**Directions**
What lines in the following entries hold the word "then"? Copy each one.

++++++

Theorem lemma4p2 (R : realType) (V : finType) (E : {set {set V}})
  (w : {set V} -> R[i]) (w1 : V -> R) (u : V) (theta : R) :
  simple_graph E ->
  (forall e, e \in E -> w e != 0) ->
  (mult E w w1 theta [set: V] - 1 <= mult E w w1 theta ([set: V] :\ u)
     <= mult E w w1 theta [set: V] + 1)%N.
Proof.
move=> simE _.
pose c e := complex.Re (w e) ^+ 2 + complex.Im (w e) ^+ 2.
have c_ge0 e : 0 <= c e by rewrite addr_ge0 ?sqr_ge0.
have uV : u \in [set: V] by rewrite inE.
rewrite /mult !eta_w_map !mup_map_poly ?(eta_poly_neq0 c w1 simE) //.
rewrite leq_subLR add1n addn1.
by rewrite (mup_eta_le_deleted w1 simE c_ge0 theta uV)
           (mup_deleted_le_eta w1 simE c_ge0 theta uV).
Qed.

++++++

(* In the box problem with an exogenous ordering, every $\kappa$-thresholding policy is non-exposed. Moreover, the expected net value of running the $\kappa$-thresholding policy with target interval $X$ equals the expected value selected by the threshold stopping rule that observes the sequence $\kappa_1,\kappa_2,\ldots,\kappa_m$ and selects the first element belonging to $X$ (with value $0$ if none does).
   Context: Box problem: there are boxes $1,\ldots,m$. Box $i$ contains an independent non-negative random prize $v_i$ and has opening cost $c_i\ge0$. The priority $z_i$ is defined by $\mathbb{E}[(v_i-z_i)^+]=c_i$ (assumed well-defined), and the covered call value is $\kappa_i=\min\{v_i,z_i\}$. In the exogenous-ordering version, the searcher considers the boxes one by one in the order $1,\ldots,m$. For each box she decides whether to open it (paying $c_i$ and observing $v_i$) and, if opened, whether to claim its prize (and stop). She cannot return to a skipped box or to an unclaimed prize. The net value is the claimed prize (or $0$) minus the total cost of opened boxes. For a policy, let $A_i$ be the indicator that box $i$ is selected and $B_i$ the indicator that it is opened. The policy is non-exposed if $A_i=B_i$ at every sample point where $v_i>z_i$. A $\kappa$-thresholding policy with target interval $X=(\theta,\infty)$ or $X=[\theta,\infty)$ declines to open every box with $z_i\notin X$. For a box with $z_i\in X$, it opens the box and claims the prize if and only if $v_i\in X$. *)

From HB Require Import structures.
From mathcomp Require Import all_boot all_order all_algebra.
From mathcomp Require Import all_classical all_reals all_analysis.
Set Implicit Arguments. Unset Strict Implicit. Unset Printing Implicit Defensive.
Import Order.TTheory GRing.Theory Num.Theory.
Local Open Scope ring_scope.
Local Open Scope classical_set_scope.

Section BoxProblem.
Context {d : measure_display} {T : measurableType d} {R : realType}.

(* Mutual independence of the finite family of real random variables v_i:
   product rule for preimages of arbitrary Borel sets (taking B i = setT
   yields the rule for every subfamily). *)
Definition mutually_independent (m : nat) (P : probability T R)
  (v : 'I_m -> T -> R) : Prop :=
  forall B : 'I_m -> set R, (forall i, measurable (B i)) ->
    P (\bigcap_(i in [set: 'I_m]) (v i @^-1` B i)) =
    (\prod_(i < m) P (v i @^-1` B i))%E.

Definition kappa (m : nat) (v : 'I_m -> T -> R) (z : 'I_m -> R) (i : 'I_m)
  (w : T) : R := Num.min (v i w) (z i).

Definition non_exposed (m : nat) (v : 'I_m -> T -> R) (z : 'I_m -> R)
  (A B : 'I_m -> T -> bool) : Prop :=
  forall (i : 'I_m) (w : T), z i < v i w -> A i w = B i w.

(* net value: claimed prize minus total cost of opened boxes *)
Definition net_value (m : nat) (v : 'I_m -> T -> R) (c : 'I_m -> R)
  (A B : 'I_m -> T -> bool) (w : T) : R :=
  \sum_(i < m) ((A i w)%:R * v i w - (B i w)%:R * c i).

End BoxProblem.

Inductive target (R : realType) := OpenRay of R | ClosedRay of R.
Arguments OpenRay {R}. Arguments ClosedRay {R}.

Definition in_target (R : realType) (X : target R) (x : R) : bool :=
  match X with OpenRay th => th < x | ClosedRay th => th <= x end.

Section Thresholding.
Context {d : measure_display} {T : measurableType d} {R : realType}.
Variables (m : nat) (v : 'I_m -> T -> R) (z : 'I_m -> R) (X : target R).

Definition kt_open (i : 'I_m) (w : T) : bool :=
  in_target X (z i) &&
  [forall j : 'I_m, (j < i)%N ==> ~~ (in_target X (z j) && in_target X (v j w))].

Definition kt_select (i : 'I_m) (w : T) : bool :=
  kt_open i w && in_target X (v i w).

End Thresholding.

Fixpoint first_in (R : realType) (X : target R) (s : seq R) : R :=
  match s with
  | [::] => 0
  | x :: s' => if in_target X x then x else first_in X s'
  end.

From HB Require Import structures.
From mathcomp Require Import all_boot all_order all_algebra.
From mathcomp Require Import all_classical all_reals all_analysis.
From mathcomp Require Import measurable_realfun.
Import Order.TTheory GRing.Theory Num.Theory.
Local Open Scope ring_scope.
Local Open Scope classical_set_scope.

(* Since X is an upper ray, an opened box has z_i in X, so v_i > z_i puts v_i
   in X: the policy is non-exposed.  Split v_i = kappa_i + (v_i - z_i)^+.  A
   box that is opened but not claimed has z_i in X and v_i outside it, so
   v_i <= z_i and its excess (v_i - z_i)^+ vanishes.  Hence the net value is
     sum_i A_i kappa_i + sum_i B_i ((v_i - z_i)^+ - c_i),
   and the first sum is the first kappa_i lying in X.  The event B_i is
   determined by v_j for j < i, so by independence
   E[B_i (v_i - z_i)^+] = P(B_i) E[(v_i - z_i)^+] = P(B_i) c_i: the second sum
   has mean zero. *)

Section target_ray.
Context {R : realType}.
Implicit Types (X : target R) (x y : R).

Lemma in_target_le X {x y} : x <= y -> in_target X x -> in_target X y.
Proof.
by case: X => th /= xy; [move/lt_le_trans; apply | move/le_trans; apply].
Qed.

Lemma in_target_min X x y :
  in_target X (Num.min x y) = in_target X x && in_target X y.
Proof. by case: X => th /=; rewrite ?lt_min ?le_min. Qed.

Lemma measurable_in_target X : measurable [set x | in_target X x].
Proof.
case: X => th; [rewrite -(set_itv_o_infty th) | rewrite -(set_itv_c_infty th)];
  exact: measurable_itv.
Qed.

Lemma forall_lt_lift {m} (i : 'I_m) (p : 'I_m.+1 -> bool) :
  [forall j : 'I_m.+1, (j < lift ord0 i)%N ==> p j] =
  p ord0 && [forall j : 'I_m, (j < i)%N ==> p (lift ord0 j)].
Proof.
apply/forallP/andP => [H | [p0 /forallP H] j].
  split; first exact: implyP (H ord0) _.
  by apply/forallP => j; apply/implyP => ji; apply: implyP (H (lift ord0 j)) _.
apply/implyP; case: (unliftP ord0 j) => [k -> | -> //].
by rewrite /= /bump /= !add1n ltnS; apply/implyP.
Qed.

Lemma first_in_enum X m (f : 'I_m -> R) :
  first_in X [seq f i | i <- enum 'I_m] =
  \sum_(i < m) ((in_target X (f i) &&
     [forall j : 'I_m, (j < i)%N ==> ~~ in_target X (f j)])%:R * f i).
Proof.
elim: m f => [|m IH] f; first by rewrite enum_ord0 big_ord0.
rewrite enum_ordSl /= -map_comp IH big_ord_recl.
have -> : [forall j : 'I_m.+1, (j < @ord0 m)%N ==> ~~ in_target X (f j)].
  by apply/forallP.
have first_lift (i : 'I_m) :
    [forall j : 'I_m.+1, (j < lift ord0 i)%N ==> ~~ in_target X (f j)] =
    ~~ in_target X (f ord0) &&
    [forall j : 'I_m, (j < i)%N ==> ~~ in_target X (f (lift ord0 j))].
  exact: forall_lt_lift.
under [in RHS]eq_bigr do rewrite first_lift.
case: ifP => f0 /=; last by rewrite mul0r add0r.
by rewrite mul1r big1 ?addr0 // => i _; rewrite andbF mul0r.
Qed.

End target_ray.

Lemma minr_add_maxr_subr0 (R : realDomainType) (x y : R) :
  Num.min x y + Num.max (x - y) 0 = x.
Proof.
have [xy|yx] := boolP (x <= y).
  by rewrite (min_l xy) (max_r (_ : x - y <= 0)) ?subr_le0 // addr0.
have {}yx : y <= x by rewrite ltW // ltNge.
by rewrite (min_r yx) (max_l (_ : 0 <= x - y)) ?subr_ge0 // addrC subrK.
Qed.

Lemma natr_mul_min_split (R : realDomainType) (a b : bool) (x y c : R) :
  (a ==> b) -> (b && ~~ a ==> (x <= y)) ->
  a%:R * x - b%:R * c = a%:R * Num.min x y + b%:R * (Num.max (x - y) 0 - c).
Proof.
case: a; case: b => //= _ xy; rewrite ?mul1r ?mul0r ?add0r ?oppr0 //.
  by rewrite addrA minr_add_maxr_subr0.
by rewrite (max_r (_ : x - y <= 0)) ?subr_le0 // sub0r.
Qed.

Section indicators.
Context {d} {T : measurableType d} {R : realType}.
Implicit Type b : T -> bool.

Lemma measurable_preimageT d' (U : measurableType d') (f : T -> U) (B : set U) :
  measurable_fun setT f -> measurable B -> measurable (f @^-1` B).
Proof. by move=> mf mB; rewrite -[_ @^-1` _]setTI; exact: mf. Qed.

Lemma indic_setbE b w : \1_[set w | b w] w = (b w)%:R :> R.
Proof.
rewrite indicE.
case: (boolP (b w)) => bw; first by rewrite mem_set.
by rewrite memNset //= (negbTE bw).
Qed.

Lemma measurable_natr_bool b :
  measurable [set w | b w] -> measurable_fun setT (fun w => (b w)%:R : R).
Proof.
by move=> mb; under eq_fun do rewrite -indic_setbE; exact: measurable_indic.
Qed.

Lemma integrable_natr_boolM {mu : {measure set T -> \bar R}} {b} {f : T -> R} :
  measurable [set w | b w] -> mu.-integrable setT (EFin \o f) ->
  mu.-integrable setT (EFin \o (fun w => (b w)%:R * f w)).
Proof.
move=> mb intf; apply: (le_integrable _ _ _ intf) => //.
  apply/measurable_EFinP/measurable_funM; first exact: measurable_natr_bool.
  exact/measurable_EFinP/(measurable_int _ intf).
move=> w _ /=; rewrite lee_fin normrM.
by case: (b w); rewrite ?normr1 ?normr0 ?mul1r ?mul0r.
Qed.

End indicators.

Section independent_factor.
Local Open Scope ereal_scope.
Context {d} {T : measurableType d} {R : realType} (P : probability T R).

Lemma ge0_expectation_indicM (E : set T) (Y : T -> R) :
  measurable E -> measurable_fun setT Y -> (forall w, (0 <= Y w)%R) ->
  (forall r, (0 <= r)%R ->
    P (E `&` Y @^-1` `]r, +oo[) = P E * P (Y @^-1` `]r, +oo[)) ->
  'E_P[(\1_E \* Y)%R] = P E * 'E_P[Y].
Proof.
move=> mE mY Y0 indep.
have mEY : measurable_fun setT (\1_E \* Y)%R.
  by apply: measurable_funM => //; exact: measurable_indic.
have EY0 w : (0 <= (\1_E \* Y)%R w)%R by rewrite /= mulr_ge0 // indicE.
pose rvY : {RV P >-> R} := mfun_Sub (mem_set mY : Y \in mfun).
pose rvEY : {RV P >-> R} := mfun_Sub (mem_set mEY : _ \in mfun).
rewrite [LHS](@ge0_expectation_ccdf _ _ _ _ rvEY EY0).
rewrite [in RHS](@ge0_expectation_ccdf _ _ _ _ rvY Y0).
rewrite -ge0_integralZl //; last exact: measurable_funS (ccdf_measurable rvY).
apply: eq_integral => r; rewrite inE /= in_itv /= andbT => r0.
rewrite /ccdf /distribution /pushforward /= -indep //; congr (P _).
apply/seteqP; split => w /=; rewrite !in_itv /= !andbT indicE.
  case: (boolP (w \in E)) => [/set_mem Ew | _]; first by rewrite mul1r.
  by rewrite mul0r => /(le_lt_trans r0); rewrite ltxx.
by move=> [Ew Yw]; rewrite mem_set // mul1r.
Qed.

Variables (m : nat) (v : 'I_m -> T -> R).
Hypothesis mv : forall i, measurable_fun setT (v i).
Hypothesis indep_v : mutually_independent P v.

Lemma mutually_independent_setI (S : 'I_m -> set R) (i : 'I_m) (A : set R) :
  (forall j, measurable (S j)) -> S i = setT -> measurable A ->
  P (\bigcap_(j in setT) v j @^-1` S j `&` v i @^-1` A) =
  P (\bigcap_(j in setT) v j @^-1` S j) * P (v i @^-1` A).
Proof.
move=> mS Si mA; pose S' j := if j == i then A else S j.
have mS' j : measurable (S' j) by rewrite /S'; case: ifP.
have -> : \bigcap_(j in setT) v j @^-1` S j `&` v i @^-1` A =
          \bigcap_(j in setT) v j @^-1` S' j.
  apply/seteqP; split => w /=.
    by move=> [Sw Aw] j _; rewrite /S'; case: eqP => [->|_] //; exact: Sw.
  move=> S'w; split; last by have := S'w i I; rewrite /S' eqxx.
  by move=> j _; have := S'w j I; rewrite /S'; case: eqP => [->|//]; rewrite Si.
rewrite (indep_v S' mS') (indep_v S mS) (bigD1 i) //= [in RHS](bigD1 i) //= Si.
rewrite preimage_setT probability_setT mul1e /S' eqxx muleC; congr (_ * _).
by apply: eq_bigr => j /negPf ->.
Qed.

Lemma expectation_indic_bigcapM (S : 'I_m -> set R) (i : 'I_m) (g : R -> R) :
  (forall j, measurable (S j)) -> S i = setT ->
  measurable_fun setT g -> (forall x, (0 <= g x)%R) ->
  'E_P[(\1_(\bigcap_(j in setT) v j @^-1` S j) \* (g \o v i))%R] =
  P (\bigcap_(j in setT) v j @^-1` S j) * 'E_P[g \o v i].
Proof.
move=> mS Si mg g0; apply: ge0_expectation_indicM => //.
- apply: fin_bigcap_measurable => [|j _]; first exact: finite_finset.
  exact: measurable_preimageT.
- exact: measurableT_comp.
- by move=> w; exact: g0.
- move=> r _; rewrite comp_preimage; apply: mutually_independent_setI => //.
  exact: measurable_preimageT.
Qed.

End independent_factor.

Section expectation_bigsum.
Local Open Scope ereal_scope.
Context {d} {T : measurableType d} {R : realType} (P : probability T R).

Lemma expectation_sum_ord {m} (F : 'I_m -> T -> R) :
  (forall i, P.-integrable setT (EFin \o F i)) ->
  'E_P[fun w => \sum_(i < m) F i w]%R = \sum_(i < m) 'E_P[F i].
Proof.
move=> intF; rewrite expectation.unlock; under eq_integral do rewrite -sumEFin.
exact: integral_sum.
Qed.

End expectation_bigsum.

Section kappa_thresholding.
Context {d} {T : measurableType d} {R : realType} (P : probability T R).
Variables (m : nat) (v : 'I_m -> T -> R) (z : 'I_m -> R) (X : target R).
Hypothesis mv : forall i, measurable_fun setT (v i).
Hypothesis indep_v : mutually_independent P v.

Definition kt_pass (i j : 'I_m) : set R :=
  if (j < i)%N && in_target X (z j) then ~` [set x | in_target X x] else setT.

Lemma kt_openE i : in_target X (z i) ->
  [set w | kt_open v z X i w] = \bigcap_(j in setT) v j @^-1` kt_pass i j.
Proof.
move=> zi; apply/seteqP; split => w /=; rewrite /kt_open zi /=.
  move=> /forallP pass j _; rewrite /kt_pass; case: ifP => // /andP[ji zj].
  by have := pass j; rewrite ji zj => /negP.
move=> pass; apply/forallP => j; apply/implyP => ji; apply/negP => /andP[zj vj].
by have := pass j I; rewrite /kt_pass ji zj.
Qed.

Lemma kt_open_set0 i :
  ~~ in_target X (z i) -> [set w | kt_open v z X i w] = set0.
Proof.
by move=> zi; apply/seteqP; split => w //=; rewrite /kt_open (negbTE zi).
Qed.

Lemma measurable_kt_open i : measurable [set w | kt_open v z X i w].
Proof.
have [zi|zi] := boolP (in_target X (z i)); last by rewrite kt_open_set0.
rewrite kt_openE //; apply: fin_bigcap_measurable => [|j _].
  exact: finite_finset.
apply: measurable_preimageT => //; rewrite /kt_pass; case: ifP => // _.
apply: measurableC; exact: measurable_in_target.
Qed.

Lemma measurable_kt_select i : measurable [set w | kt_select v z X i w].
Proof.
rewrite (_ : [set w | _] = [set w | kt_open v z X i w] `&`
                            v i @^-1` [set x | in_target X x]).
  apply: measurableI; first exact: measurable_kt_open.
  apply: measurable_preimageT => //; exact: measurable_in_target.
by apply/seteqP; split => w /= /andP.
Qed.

++++++

**The completed task**
  | x :: s' => if in_target X x then x else first_in X s'
move=> mS Si mA; pose S' j := if j == i then A else S j.
  if (j < i)%N && in_target X (z j) then ~` [set x | in_target X x] else setT.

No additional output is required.